The terminal output will show you the channel handshake steps (ChanOpenInit,ChanOpenTry,ChanOpenAck and ChanOpenConfirm). If successful, you've created the IBC channel to send packets over.
The channel creation, in the context of the setup is displayed in the following diagram. Pay attention to the fact that for you as a cross-chain application developer, only the top part (the channel creation between the virtual chain and chain B) is of real concern. The IBC SDK takes care of the rest.
To check, query for channels:
ibctl channels wasm
# terminal output, if you followed along
channels:
- channel_id: channel-0
connection_hops:
- connection-0
- connection-<n>
counterparty:
channel_id: channel-0
port_id: polyibc.Ethereum-Devnet.B10c73e50B9bdB51f3504F7104a411174B9C3aa3
ordering: ORDER_UNORDERED
port_id: wasm.wasm14hj2tavq8fpesdwxxcu44rty3hh90vhujrvcmstl4zr3txmfvw9s0phg4d
state: STATE_OPEN
version: 1.0
🚧 The feature to query the channels on the virtual Ethereum chain is still in development, for now you can query the channel on Polymer instead...
Send a packet​
Now, in your development flow, this may be the moment when you switch back to your development environment (Hardhat, Truffle, CosmWasm ts-codegen,...) to interact with the contract from your client library.

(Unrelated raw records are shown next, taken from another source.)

(* For $i\in\mathbb Z_{\ge0}$, $J\in\mathbb Z_{>0}$ and $0\le j\le J$, $$W_J(i,J;i+J-j,j\mid v,\lambda)=f(2\eta)^{J-j}\frac{[2\eta i-\eta\Lambda-v]_j}{[\eta\Lambda-v]_J}\cdot\frac{[v+\lambda-\eta\Lambda+2\eta(i+2J-j-1)]_{J-j}\,[\lambda+2\eta(i+J-\Lambda-1)]_j}{[\lambda+2\eta(J-1)]_J}.$$
   Context: Fix $\eta,\tau\in\mathbb C$, $\operatorname{Im}\tau>0$. $f(z)$ denotes either $\theta(z)=-\sum_{j\in\mathbb Z}\exp\big(\pi\mathbf i\tau(j+\tfrac12)^2+2\pi\mathbf i(j+\tfrac12)(z+\tfrac12)\big)$ or $\sin(\pi z)$. Elliptic Pochhammer: $[a]_k=\prod_{m=0}^{k-1}f(a-2\eta m)$ for $k\ge0$, $[a]_k=\prod_{m=1}^{-k}f(a+2\eta m)^{-1}$ for $k<0$. Unfused weights ($k\ge0$): $W_1(k,0;k,0\mid v,\lambda,\Lambda)=\frac{f(\eta(\Lambda-2k)-v)f(\lambda+2k\eta)}{f(\eta\Lambda-v)f(\lambda)}$, $W_1(k,1;k+1,0\mid\cdot)=\frac{f(v+\lambda+\eta(2k+2-\Lambda))f(2\eta)}{f(\eta\Lambda-v)f(\lambda)}$, $W_1(k,0;k-1,1\mid\cdot)=\frac{f(\lambda-v+\eta(2k-2-\Lambda))f(2\eta(\Lambda+1-k))f(2k\eta)}{f(\eta\Lambda-v)f(\lambda)f(2\eta)}$ ($k\ge1$), $W_1(k,1;k,1\mid\cdot)=\frac{f(\eta(2k-\Lambda)-v)f(\lambda+2\eta(k-\Lambda))}{f(\eta\Lambda-v)f(\lambda)}$, and $0$ for all other quadruples. Column weights: for $\mathcal J_1=(j_{1,k})_{k=1}^J,\mathcal J_2=(j_{2,k})_{k=1}^J\in\{0,1\}^J$, $i^{(1)}=i_1$, $i^{(k+1)}=i^{(k)}+j_{1,k}-j_{2,k}$, $\Phi_J=\lambda$, $\Phi_k=\Phi_{k+1}\mp2\eta$ according as $j_{1,k+1}=0$ or $1$; $W_J(i_1,\mathcal J_1;i_2,\mathcal J_2\mid v,\lambda)=\prod_{k=1}^JW_1(i^{(k)},j_{1,k};i^{(k+1)},j_{2,k}\mid v+2\eta(k-1),\Phi_k,\Lambda)$ if all $i^{(k)}\ge0$ and $i^{(J+1)}=i_2$, else $0$. The fused weight is $W_J(i_1,j_1;i_2,j_2\mid v,\lambda)=\sum_{|\mathcal J_1|=j_1}W_J(i_1,\mathcal J_1;i_2,\mathcal K\mid v,\lambda)$ for any $\mathcal K\in\{0,1\}^J$ with $|\mathcal K|=j_2$ (independent of the choice of $\mathcal K$), and $0$ if $j_2\notin\{0,\dots,J\}$; $\Lambda$ is a fixed parameter suppressed from notation. *)

From Stdlib Require Import Reals Lra Lia ZArith Arith List ClassicalEpsilon.
Import ListNotations.
Open Scope R_scope.

Definition Cplx : Type := (R * R)%type.
Definition Re (z : Cplx) : R := fst z.
Definition Im (z : Cplx) : R := snd z.
Definition Czero : Cplx := (0, 0).
Definition Cone : Cplx := (1, 0).
Definition Ci : Cplx := (0, 1).
Definition RtoC (x : R) : Cplx := (x, 0).
Definition ZtoC (n : Z) : Cplx := (IZR n, 0).
Definition NtoC (n : nat) : Cplx := (INR n, 0).
Definition Cadd (z w : Cplx) : Cplx := (fst z + fst w, snd z + snd w).
Definition Copp (z : Cplx) : Cplx := (- fst z, - snd z).
Definition Csub (z w : Cplx) : Cplx := Cadd z (Copp w).
Definition Cmul (z w : Cplx) : Cplx :=
  (fst z * fst w - snd z * snd w, fst z * snd w + snd z * fst w).
Definition Cinv (z : Cplx) : Cplx :=
  (fst z / (fst z ^ 2 + snd z ^ 2), - snd z / (fst z ^ 2 + snd z ^ 2)).
Definition Cdiv (z w : Cplx) : Cplx := Cmul z (Cinv w).
Fixpoint Cpow (z : Cplx) (n : nat) : Cplx :=
  match n with O => Cone | S n => Cmul z (Cpow z n) end.
Definition Cexp (z : Cplx) : Cplx := (exp (fst z) * cos (snd z), exp (fst z) * sin (snd z)).

Declare Scope C_scope.
Delimit Scope C_scope with Cplx.
Infix "+" := Cadd : C_scope.
Infix "-" := Csub : C_scope.
Infix "*" := Cmul : C_scope.
Infix "/" := Cdiv : C_scope.
Notation "- z" := (Copp z) : C_scope.
Infix "^" := Cpow : C_scope.

Definition CPI : Cplx := RtoC PI.

Definition Csinpi (z : Cplx) : Cplx :=
  ((Cexp (Ci * CPI * z) - Cexp (- (Ci * CPI * z))) / (RtoC 2 * Ci))%Cplx.

Definition theta_term (tau z : Cplx) (j : Z) : Cplx :=
  let h := (ZtoC j + RtoC (1/2))%Cplx in
  Cexp (CPI * Ci * tau * h * h + RtoC 2 * CPI * Ci * h * (z + RtoC (1/2)))%Cplx.

Definition theta_partial (tau z : Cplx) (N : nat) : Cplx :=
  fold_right Cadd Czero
    (map (fun m : nat => theta_term tau z (Z.of_nat m - Z.of_nat N)%Z)
         (seq 0 (2 * N + 1))).

Definition theta_sum_is (tau z c : Cplx) : Prop :=
  Un_cv (fun N => Re (theta_partial tau z N)) (Re c) /\
  Un_cv (fun N => Im (theta_partial tau z N)) (Im c).

(* theta(z) = - sum_{j in Z} exp(...)  (the series converges for Im tau > 0) *)
Definition theta (tau z : Cplx) : Cplx :=
  Copp (epsilon (inhabits Czero) (fun c => theta_sum_is tau z c)).

Inductive fkind : Type := FTheta | FSin.

Definition fsel (fk : fkind) (tau : Cplx) (z : Cplx) : Cplx :=
  match fk with FTheta => theta tau z | FSin => Csinpi z end.

Definition prodC (l : list Cplx) : Cplx := fold_right Cmul Cone l.

Definition poch (f : Cplx -> Cplx) (eta a : Cplx) (k : Z) : Cplx :=
  if (0 <=? k)%Z then
    prodC (map (fun m : nat => f (a - RtoC 2 * eta * NtoC m)%Cplx) (seq 0 (Z.to_nat k)))
  else
    prodC (map (fun m : nat => Cinv (f (a + RtoC 2 * eta * NtoC m)%Cplx))
               (seq 1 (Z.to_nat (- k)))).

(* W1 f eta k a k' b v lam Lam = W_1(k,a;k',b | v, lam, Lam); intended for k >= 0 *)
Definition W1 (f : Cplx -> Cplx) (eta : Cplx) (k : Z) (a : nat) (k' : Z) (b : nat)
           (v lam Lam : Cplx) : Cplx :=
  let kc := ZtoC k in
  let two := RtoC 2 in
  let D := (f (eta * Lam - v) * f lam)%Cplx in
  if (Nat.eqb a 0 && Nat.eqb b 0 && Z.eqb k' k)%bool then
    (f (eta * (Lam - two * kc) - v) * f (lam + two * kc * eta) / D)%Cplx
  else if (Nat.eqb a 1 && Nat.eqb b 0 && Z.eqb k' (k + 1))%bool then
    (f (v + lam + eta * (two * kc + two - Lam)) * f (two * eta) / D)%Cplx
  else if (Nat.eqb a 0 && Nat.eqb b 1 && Z.eqb k' (k - 1) && Z.leb 1 k)%bool then
    (f (lam - v + eta * (two * kc - two - Lam)) * f (two * eta * (Lam + Cone - kc))
       * f (two * kc * eta) / (D * f (two * eta)))%Cplx
  else if (Nat.eqb a 1 && Nat.eqb b 1 && Z.eqb k' k)%bool then
    (f (eta * (two * kc - Lam) - v) * f (lam + two * eta * (kc - Lam)) / D)%Cplx
  else Czero.

(* sequences in {0,1}^J are lists of nats of length J; entry k (1-indexed) *)
Definition bit (l : list nat) (k : nat) : nat := nth (k - 1) l 0%nat.

Definition sumZ (l : list Z) : Z := fold_right Z.add 0%Z l.
Definition sumC (l : list Cplx) : Cplx := fold_right Cadd Czero l.

Definition iseq (i1 : Z) (J1 J2 : list nat) (k : nat) : Z :=
  (i1 + sumZ (map (fun m => Z.of_nat (bit J1 m) - Z.of_nat (bit J2 m))%Z
                  (seq 1 (k - 1))))%Z.

(* Phi_J = lam, Phi_k = Phi_{k+1} - 2 eta if j_{1,k+1} = 0, + 2 eta if = 1 *)
Definition Phi (eta lam : Cplx) (J1 : list nat) (J k : nat) : Cplx :=
  (lam + sumC (map (fun m => if Nat.eqb (bit J1 m) 0 then - (RtoC 2 * eta)
                             else RtoC 2 * eta)
                   (seq (k + 1) (J - k))))%Cplx.

Definition WJ (f : Cplx -> Cplx) (eta Lam : Cplx) (i1 : Z) (J1 : list nat) (i2 : Z)
           (J2 : list nat) (v lam : Cplx) : Cplx :=
  let J := length J1 in
  if (forallb (fun k => Z.leb 0 (iseq i1 J1 J2 k)) (seq 1 (J + 1))
      && Z.eqb (iseq i1 J1 J2 (J + 1)) i2)%bool then
    prodC (map (fun k => W1 f eta (iseq i1 J1 J2 k) (bit J1 k)
                           (iseq i1 J1 J2 (k + 1)) (bit J2 k)
                           (v + RtoC 2 * eta * NtoC (k - 1))%Cplx
                           (Phi eta lam J1 J k) Lam)
               (seq 1 J))
  else Czero.

Fixpoint all_bits (J : nat) : list (list nat) :=
  match J with
  | O => [ [] ]
  | S J' => map (cons 0%nat) (all_bits J') ++ map (cons 1%nat) (all_bits J')
  end.

(* fused weight W_J(i1, j1; i2, j2 | v, lam), computed with the representative
   K in {0,1}^J of weight j2 = |K| (the paper states the value is independent
   of K; the theorem is stated for every such K). *)
Definition WJfused (f : Cplx -> Cplx) (eta Lam : Cplx) (J : nat) (i1 : Z) (j1 : nat)
           (i2 : Z) (K : list nat) (v lam : Cplx) : Cplx :=
  sumC (map (fun J1 => WJ f eta Lam i1 J1 i2 K v lam)
            (filter (fun J1 => Nat.eqb (list_sum J1) j1) (all_bits J))).

(* Since j1 = J, the only sequence J1 in the fused sum is (1,...,1); along it
   Phi_k = lam + 2 eta (J - k), and the path i^(k) goes up exactly at the
   zeros of K.  Removing the first bit b of K leaves the same kind of column,
   of length J - 1, started at (i + 1 - b, v + 2 eta).  So an induction on K
   shows that the product of unfused weights is a fixed closed form in
   (i, v, J, |K|): a 1-bit contributes W_1(k,1;k,1), extending the two
   falling Pochhammer products of the numerator, and a 0-bit contributes
   W_1(k,1;k+1,0), extending the rising product and the power of f(2 eta).
   Division is total and [Cinv] is multiplicative. *)
From Stdlib Require Import Reals ZArith List Lia Psatz.
Import ListNotations.
Open Scope R_scope.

Here we'll continue to work in the CLI to send a packet though for simplicity.
Let's prepare the JSON file we need to execute a message on Wasmd:
export EXECUTE_MSG='{"send_message":{"channel":"channel-0","message":"hello IBC"}}'
And similarly use the channel query from above to set the port IDs as environment variables: ETH_PORT and WASM_PORT.
Now use the following command to send the packet from the Wasmd chain (pay attention to have all the args present!):
ibctl exec wasm wasmd tx wasm execute wasm14hj2tavq8fpesdwxxcu44rty3hh90vhujrvcmstl4zr3txmfvw9s0phg4d $EXECUTE_MSG -- --from wasm158z04naus5r3vcanureh7u0ngs5q4l0gkwegr4 --keyring-backend test --chain-id wasm --gas auto --gas-adjustment 1.2 --yes
You should see the transaction confirmed in the terminal output, although this does not show you much about the IBC packet yet.
Instead, run the ibctl tx command with the transaction hash from the output:
ibctl tx wasm <tx-hash>
The terminal output here will show you a lot of information about the transaction, and more importantly, it shows the packet data... .
But this only means that the sending chain has including a commitment to send the packet. How do you know if it got received??
Events and packet tracing​
How to check the status of your IBC packet (with the channel and portIDs from above and sequence number 1)?
There's two types of queries that can help out:
- The
ibctl eventscommand will give an overall view of IBC related events for one particular chain. - The
trace-packetscommand will give an aggregate overview of all packet related (so excluding handshake events) event data for a specific pair of endpoints (chain:channel:port).
Let's try out the packet tracing one:
ibctl trace-packets $'eth:channel-0:polyibc.Ethereum-Devnet.B10c73e50B9bdB51f3504F7104a411174B9C3aa3' $'wasm:channel-0:wasm.wasm.wasm14hj2tavq8fpesdwxxcu44rty3hh90vhujrvcmstl4zr3txmfvw9s0phg4d'
There, you should find confirmation that the packet has been received.
That's it, you've got a packet sent over IBC!
Conclusion​
Hopefully this simple example showcases the benefits of the IBC SDK for cross-chain dapp developers. In a matter of minutes you could run through the setup, mostly work done under the hood by the SDK, and start sending packets to test your applications.